El drama es indudablemente la mejor obra teatral de Cervantes y, en el período de los entusiasmos románticos, pudo reclamar por parte de muchos críticos el parangón con las mayores obras maestras del teatro antiguo y contemporáneo. Se ha hablado de Esquilo, de Marlowe y de Shakespeare, pero la única influencia decisiva puede reconocerse en la tragedia de Séneca, aunque transformada a través de Virués.

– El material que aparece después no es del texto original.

Lemma periodic_occurrence_shift x y u v b :
  size x + size y + per Q <= size X -> x ++ X ++ y = u ++ X ++ v ->
  size x <= size u ->
  x ++ (flatten (nseq b rho) ++ r') ++ y = u ++ (flatten (nseq b rho) ++ r') ++ v.
Proof.
move=> hs E le_xu.
have sE : size x + size y = size u + size v.
  by move/(congr1 size): E; rewrite !size_cat; lia.
have [z hQ] := prefixP X_prefix.
have p0 := per_gt0 Q.
have [pQ _] := per_spec (X := Q) ltac:(rewrite hQ size_cat; lia).
have size_rho : size rho = per Q by rewrite size_takel.
have size_X : size X = a * per Q + size r'.
  by rewrite size_cat size_flatten_nseq size_rho.
have size_r' : size r' <= per Q by rewrite -size_rho size_prefix.
set d := size u - size x.
have p_dvd_d : per Q %| d.
  have [->|d0] := posnP d; first exact: dvdn0.
  by rewrite hQ; apply: per_dvdn d0 _ (occurrence_offset_period E le_xu); rewrite -hQ; lia.
set k := d %/ per Q.
have dE : d = k * per Q by rewrite divnK.
have le_ka : k <= a by rewrite -(leq_pmul2r p0); lia.
have hu : u = x ++ flatten (nseq k rho).
  by rewrite (occurrence_prefix E) -/d ?dE -?size_rho ?take_flatten_nseq //; lia.
by rewrite hu in E *; apply: occurrence_shift_pow E.
Qed.

Lemma periodic_occurrences_eq x y u v b :
  size x + size y + per Q <= size X -> x ++ X ++ y = u ++ X ++ v ->
  x ++ (flatten (nseq b rho) ++ r') ++ y = u ++ (flatten (nseq b rho) ++ r') ++ v.
Proof.
move=> hs E.
have sE : size x + size y = size u + size v.
  by move/(congr1 size): E; rewrite !size_cat; lia.
case: (leqP (size x) (size u)) => h; first exact: periodic_occurrence_shift.
by apply/esym/periodic_occurrence_shift; [lia | exact/esym | exact/ltnW].
Qed.

End PeriodicOccurrences.

Lemma cat_cons_notin (T : eqType) (c : T) (a b u v : seq T) :
  c \notin a -> c \notin b -> a ++ c :: b = u ++ c :: v -> a = u /\ b = v.
Proof.
move=> ca cb E.
have cu : c \notin u.
  apply/count_memPn; move/(congr1 (count_mem c)): E.
  by rewrite !count_cat /= eqxx (count_memPn ca) (count_memPn cb); lia.
have hs : size a = size u.
  by move/(congr1 (index c)): E; rewrite !index_cat (negbTE ca) (negbTE cu) /= eqxx !addn0.
by move/eqP: E; rewrite eqseq_cat // eqseq_cons eqxx => /andP[/eqP-> /eqP->].
Qed.

Lemma map_eq_cat3 (T1 T2 : Type) (f : T1 -> T2) (w m : seq T1) (u v : seq T2) :
  injective f -> map f w = u ++ map f m ++ v ->
  exists u0 v0, [/\ u = map f u0, v = map f v0 & w = u0 ++ m ++ v0].
Proof.
move=> f_inj E; exists (take (size u) w), (drop (size u + size m) w).
have hu : u = map f (take (size u) w) by rewrite map_take E take_size_cat.
have hv : v = map f (drop (size u + size m) w).
  by rewrite map_drop E addnC -drop_drop !drop_size_cat ?size_map.
by split=> //; apply: (inj_map f_inj); rewrite !map_cat -hu -hv.
Qed.

Lemma rk_infix (A : eqType) (Q S : seq A) (Q' : seq (option A)) : infix Q S ->
  exists x y, S = x ++ Q ++ y /\ rk Q Q' S = map Some x ++ Q' ++ map Some y.
Proof.
move=> hinf; rewrite /rk hinf; set i := infix_index Q S.
exists (take i S), (drop (i + size Q) S); split=> //.
move: hinf; rewrite infixE -/i => /eqP hQ.
rewrite -{1}(cat_take_drop i S) -{1}(cat_take_drop (size Q) (drop i S)) hQ.
by rewrite drop_drop addnC.
Qed.

Theorem fact1 (A : eqType) (tau l : nat) (Sk : seq A) (Q' : seq (option A))
    (S : seq A) :
  1 <= tau -> 10 * tau < l -> l <= size Sk ->
  Qprime_spec tau (Qk tau l Sk) Q' ->
  size S <= size (Qk tau l Sk) + 4 * tau ->
  infix (Qk tau l Sk) S ->
  (forall u v : seq A, S = u ++ Qk tau l Sk ++ v ->
     map Some u ++ Q' ++ map Some v = rk (Qk tau l Sk) Q' S) /\
  (forall u v : seq (option A), rk (Qk tau l Sk) Q' S = u ++ Q' ++ v ->
     u ++ map Some (Qk tau l Sk) ++ v = map Some S).
Proof.
move=> tau_gt0 l_gt lSk hspec hS hinf.
have size_Q : size (Qk tau l Sk) = l - 2 * tau by rewrite /Qk size_drop size_takel.
set Q := Qk tau l Sk in hspec hS hinf size_Q *.
have [x [y [hSxy ->]]] := rk_infix Q' hinf.
have slack s t : S = s ++ Q ++ t -> size s + size t <= 4 * tau.
  by move=> hst; move: hS; rewrite hst !size_cat; lia.
have None_notin s : None \notin map (@Some A) s by apply/mapP; case.
case: hspec => [[hp ->] | [hp [t [t' [r' [hQ r'_prefix le_t't hQ' size_Q']]]]]].
  split=> [u v huv | u v E].
    have hs : size x + size y < per Q by have := slack _ _ hSxy; lia.
    by have [-> ->] := occurrence_unique hs (etrans (esym hSxy) huv).
  have [<- <-] := cat_cons_notin (None_notin x) (None_notin y) E.
  by rewrite hSxy !map_cat.
set rho := take (per Q) Q in hQ r'_prefix hQ'.
split=> [u v huv | u v].
  rewrite hQ' -!map_cat; congr map.
  apply: (periodic_occurrences_eq (a := t)); rewrite -/rho -?hQ ?prefix_refl //.
    by have := slack _ _ huv; lia.
  by rewrite -huv -hSxy.
rewrite hQ' -!map_cat => /(map_eq_cat3 Some_inj) [u0 [v0 [-> -> E]]].
rewrite hSxy -!map_cat; congr map.
have Q''_prefix : prefix (flatten (nseq t' rho) ++ r') Q.
  by rewrite {1}hQ prefix_flatten_nseq.
rewrite hQ; apply/esym/(periodic_occurrences_eq (a := t')); rewrite -/rho //.
by move: size_Q'; rewrite hQ' size_map; have := slack _ _ hSxy; lia.
Qed.
(* Nonzero plaquette values occur only on
   free plaquettes, which gives the support properties of the correction. *)
Definition free (u : pt) : Prop := nbhd d C u /\ forall C', CC C' -> ~ C' u.
Definition freePlaq (j : nat) (y : pt) : Prop :=
  (1 <= j < d)%nat /\ inZd d y /\
  forall a b : Z, (0 <= a <= 1)%Z -> (0 <= b <= 1)%Z -> free (shift (shift y 0 a) j b).

Lemma plaq_coord y j a b i : (1 <= j)%nat ->
  shift (shift y 0 a) j b i =
    (y i + (if Nat.eqb i 0 then a else 0) + (if Nat.eqb i j then b else 0))%Z.
Proof. intros Hj. unfold shift. destruct (Nat.eqb_spec i j), (Nat.eqb_spec i 0); subst; try lia. Qed.

Lemma plaq_corner_nbhdC y j a b : (1 <= j < d)%nat -> inZd d y ->
  (blo 0 <= y 0%nat <= hi 0)%Z ->
  (forall i, (1 <= i < d)%nat -> (blo i <= y i)%Z /\ (y i + (if Nat.eqb i j then 1 else 0) <= bhi i)%Z) ->
  (0 <= a <= 1)%Z -> (0 <= b <= 1)%Z -> nbhd d C (shift (shift y 0 a) j b).
Proof.
  intros Hj Hy H0 Hi Ha Hb. apply nbhdC. split.
  { apply inZd_shift; [lia|]. apply inZd_shift; auto; lia. }
  intros i Hid. rewrite plaq_coord by lia. unfold blo, bhi in *.
  destruct (Nat.eqb_spec i 0) as [->|Hi0].
  - rewrite (proj2 (Nat.eqb_neq 0 j)) by lia. lia.
  - specialize (Hi i ltac:(lia)). destruct (Nat.eqb i j); lia.
Qed.

(* Bottom slice: the rounding field lives on the bottom face of nbhd(C),
   below every cube of [CC]. *)
Lemma layer0_free c j y : faceRound transDirs blo bhi bottomBase c j y <> 0 -> freePlaq j y.
Proof.
  intros Hne. apply faceRound_supp in Hne as [Hj [Hb1 Hb2]].
  apply in_transDirs in Hj. apply inBox_transDirs in Hb1 as [B1 [B0 Bd]].
  apply inBox_transDirs in Hb2 as [B1' _].
  unfold bottomBase in B0; simpl in B0.
  assert (Hy : inZd d y).
  { intros i Hi. rewrite Bd by lia. unfold bottomBase. destruct (Nat.eqb_spec i 0); lia. }
  split; [lia|]. split; [auto|]. intros a b Ha Hb. split.
  - apply plaq_corner_nbhdC; auto.
    + pose proof (Hlohi 0%nat). unfold blo in *. lia.
    + intros i Hi. specialize (B1 i Hi). specialize (B1' i Hi).
      destruct (Nat.eqb_spec i j) as [->|]; [rewrite shift_at in B1'|]; lia.
  - intros C' HC' HCu. apply cube_box in HCu as [_ Hu']; auto. specialize (Hu' 0%nat d_pos).
    rewrite plaq_coord in Hu' by lia. rewrite Nat.eqb_refl, (proj2 (Nat.eqb_neq 0 j)) in Hu' by lia.
    destruct (cube_inner0 C' HC'). unfold blo in B0. lia.
Qed.

(* Transverse edges of [Eint]: a cube containing a corner of the plaquette
   would have both ends of the edge in its neighbourhood. *)
Lemma transverse_free y j : (1 <= j)%nat -> EintAt y j -> freePlaq j y.
Proof.
  intros Hj1 HE. destruct (EintAt_inZd _ _ HE) as [Hy Hjd].
  destruct (proj1 (EintAt_char y j Hy Hjd) HE) as [Hc Hn].
  assert (Hco : forall i, (i < d)%nat -> (lo i - 1 <= y i <= hi i)%Z /\ (i <> j -> (lo i <= y i)%Z)).
  { intros i Hi. destruct Hc as [Hc|Hc]; apply C_coords in Hc as [_ Hc]; specialize (Hc i Hi).
    - lia.
    - destruct (Nat.eq_dec i j); [subst; rewrite shift_at in Hc; lia|].
      rewrite shift_other in Hc; auto; lia. }
  split; [lia|]. split; [auto|]. intros a b Ha Hb. split.
  - apply plaq_corner_nbhdC; auto.
    + destruct (Hco 0%nat d_pos) as [H1 H2]. specialize (H2 ltac:(lia)). unfold blo. lia.
    + intros i Hi. destruct (Hco i ltac:(lia)). unfold blo, bhi.
      destruct (Nat.eqb_spec i j); lia.
  - intros C' HC' HCu. apply Hn. exists C'. split; [auto|split].
    + apply (near_nbhd C' _ y HC' HCu Hy). intros i Hi. rewrite plaq_coord by lia.
      destruct (Nat.eqb_spec i 0), (Nat.eqb_spec i j); lia.
    + apply (near_nbhd C' _ _ HC' HCu). { apply inZd_shift; auto. }
      intros i Hi. rewrite plaq_coord by lia. unfold shift.
      destruct (Nat.eqb_spec i 0), (Nat.eqb_spec i j); lia.
Qed.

Los parecidos con Los persas (v.) son sencillamente de situación: en Cervantes, como en Esquilo, se trata de la tragedia de una ciudad. Pero en Numancia el elemento coral está más acentuado y ningún personaje toma relieve; las patéticas figuras de los héroes y de las madres tienen el mismo carácter sumario que las alegorías de España, del Duero, de la Guerra, del Hambre, etc.
Sin embargo, la tragedia, espectacular e impetuosa (son famosos los episodios del sortilegio de Mar- quino, de la muerte de Manandró a los pies de Lira, de Teógenes, etc.), tiene una belleza que no dejó de influir en el teatro contemporáneo y recabó los elogios de la crítica romántica: Shelley, los Schlegel, Humboldt, Goethe, Sismondi, Schopenhauer, etc.
C. Capasso
No hay en esta obra, lo confieso, poesía verdaderamente digna de tal nombre; pero la propiedad del lenguaje y la armonía de la versificación son lo bastante grandes para hacerse aceptar como poesía. (Shelley)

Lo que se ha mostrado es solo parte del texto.